What you have to do:
Look through the data below and return each line where "first" appears.

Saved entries
++++++++

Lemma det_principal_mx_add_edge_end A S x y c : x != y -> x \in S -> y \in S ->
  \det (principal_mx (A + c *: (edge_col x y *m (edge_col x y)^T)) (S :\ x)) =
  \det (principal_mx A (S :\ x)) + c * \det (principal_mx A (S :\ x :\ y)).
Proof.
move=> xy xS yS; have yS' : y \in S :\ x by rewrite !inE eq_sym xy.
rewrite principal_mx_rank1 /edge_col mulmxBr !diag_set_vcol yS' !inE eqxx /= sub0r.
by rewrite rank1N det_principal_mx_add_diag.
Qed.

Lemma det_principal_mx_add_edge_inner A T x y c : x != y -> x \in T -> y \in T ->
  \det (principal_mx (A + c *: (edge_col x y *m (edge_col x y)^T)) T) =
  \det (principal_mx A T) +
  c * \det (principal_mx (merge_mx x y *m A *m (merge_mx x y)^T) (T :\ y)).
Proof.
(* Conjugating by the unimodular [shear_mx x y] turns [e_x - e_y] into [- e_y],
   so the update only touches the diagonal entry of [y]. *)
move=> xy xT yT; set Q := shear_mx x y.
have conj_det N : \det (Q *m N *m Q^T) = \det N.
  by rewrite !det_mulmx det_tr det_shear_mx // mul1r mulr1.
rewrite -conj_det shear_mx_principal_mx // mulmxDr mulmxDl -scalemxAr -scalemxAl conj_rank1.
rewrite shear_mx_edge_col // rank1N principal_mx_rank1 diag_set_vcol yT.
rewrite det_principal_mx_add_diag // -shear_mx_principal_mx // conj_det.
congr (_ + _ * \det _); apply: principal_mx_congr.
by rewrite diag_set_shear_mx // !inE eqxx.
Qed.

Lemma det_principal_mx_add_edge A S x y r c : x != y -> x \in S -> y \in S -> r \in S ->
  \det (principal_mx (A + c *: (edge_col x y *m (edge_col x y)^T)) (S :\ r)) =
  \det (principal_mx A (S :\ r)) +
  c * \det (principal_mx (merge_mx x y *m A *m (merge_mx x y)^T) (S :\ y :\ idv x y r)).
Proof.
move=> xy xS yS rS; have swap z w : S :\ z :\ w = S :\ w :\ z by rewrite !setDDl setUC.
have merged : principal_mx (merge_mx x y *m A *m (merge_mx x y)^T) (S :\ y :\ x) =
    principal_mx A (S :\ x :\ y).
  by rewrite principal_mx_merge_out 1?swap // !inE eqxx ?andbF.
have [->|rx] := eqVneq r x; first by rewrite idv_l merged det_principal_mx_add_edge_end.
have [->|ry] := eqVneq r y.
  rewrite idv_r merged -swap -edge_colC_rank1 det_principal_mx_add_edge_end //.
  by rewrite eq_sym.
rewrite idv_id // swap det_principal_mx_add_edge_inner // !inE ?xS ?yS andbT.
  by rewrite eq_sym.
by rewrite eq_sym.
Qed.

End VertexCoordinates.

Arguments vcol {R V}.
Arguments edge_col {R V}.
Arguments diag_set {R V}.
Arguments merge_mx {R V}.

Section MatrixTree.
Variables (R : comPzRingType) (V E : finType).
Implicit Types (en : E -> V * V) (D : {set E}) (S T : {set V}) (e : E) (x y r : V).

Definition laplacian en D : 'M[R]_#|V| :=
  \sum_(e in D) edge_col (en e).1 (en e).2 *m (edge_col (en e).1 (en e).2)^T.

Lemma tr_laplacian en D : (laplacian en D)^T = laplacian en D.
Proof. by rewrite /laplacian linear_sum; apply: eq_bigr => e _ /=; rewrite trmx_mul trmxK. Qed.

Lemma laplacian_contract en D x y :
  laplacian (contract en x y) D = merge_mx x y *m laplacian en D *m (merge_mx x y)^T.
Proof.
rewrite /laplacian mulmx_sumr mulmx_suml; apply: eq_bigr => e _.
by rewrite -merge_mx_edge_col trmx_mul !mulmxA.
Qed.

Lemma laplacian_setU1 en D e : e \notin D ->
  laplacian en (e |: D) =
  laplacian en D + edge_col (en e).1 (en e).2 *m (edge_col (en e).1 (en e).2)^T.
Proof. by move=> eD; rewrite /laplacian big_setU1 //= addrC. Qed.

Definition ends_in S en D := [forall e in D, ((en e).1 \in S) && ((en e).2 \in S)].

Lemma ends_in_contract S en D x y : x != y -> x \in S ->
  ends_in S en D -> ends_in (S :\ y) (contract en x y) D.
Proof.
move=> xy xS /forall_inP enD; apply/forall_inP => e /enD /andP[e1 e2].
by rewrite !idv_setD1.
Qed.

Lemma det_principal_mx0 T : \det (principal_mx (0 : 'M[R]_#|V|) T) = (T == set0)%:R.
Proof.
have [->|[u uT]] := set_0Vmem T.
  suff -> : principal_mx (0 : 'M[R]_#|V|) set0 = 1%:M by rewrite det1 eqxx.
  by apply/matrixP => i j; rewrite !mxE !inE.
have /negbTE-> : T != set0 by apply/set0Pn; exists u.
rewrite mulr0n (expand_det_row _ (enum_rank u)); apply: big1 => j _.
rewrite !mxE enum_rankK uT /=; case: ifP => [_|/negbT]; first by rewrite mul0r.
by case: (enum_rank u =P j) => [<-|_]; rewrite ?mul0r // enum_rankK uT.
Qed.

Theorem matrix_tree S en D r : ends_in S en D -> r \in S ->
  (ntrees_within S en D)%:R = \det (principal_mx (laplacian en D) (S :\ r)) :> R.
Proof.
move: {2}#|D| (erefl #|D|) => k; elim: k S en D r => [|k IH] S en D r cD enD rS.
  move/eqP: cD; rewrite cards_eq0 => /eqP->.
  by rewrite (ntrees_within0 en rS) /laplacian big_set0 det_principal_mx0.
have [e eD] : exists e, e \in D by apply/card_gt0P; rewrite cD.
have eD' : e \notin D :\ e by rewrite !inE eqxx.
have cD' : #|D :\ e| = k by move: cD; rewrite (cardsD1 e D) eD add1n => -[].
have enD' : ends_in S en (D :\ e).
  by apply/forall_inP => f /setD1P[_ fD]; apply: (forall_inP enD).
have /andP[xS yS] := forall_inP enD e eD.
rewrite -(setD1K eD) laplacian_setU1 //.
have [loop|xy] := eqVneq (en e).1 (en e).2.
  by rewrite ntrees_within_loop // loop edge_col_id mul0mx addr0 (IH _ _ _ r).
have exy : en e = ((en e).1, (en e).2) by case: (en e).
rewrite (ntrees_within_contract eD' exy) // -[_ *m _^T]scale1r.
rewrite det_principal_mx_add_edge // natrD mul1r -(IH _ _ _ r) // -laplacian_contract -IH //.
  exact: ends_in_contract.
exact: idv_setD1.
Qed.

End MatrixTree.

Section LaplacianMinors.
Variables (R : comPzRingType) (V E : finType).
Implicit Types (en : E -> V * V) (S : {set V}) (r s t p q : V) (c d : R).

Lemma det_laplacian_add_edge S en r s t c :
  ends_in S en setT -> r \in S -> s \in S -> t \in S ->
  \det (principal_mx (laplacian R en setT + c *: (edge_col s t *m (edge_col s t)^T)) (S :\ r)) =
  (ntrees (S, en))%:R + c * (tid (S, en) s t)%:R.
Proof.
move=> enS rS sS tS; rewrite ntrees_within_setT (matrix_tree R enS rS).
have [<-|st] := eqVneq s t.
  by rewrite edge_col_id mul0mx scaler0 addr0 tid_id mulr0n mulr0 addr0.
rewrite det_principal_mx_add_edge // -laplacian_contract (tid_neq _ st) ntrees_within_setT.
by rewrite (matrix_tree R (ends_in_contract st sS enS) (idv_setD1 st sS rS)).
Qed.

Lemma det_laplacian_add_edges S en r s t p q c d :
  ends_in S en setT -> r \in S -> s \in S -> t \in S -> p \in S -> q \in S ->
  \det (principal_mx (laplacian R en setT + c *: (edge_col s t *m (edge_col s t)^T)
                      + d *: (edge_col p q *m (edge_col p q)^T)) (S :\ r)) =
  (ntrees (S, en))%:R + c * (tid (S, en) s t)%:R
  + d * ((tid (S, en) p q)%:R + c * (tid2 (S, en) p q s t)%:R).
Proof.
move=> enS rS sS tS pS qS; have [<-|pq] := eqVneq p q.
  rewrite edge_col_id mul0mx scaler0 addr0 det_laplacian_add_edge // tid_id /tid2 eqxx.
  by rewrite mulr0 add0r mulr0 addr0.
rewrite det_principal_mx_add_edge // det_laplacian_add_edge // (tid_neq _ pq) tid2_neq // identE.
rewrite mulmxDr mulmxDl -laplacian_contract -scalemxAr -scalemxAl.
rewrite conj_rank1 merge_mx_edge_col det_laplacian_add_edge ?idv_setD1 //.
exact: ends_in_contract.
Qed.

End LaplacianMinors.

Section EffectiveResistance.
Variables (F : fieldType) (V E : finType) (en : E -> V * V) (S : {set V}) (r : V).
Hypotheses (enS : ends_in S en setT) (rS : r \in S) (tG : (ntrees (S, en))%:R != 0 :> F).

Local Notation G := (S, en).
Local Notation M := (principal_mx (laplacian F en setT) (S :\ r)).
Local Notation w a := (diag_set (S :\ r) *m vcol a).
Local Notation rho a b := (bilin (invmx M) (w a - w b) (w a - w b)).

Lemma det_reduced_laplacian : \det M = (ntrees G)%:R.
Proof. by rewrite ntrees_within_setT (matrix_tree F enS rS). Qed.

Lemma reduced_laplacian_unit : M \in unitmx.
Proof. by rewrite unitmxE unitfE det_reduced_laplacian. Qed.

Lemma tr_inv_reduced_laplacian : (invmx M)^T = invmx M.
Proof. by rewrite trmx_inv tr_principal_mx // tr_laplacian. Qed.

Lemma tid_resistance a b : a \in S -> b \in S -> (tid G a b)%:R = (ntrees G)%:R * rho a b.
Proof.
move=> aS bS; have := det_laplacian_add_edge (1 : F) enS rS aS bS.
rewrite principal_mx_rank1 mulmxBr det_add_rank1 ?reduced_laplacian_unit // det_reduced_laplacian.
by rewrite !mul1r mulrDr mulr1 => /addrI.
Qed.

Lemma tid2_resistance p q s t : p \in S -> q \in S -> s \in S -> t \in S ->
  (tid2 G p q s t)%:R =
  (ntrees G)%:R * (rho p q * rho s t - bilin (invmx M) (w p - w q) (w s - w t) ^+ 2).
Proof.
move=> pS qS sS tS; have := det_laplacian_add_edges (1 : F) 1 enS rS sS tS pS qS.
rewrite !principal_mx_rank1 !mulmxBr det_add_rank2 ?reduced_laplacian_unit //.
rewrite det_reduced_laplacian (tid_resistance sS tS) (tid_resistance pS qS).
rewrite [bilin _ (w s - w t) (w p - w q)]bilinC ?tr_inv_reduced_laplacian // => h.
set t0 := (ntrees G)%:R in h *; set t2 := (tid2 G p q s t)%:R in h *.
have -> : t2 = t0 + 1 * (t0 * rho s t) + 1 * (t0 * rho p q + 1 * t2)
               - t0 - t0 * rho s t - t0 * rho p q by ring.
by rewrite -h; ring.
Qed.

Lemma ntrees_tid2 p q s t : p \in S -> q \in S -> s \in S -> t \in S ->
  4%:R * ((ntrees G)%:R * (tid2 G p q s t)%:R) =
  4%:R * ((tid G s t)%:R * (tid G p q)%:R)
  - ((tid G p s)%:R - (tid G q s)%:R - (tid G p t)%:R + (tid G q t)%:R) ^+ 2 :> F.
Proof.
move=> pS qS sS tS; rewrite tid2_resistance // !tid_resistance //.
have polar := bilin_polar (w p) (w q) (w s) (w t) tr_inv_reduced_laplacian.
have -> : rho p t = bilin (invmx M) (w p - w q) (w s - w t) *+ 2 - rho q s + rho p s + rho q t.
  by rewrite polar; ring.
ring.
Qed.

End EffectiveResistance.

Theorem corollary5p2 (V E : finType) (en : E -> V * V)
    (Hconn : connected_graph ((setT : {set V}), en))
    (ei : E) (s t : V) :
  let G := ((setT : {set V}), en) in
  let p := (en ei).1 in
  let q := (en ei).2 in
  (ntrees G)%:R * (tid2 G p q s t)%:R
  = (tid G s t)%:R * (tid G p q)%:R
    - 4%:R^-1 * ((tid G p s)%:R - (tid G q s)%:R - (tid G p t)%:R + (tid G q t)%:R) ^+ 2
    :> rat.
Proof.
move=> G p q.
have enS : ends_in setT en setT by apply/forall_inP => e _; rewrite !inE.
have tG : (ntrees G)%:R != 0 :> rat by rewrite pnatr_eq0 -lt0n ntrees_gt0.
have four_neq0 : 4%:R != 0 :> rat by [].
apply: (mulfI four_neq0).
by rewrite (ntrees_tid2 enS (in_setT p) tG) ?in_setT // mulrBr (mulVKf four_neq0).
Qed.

++++++++

Solved problem:
have [->|rx] := eqVneq r x; first by rewrite idv_l merged det_principal_mx_add_edge_end.
rewrite !mxE enum_rankK uT /=; case: ifP => [_|/negbT]; first by rewrite mul0r.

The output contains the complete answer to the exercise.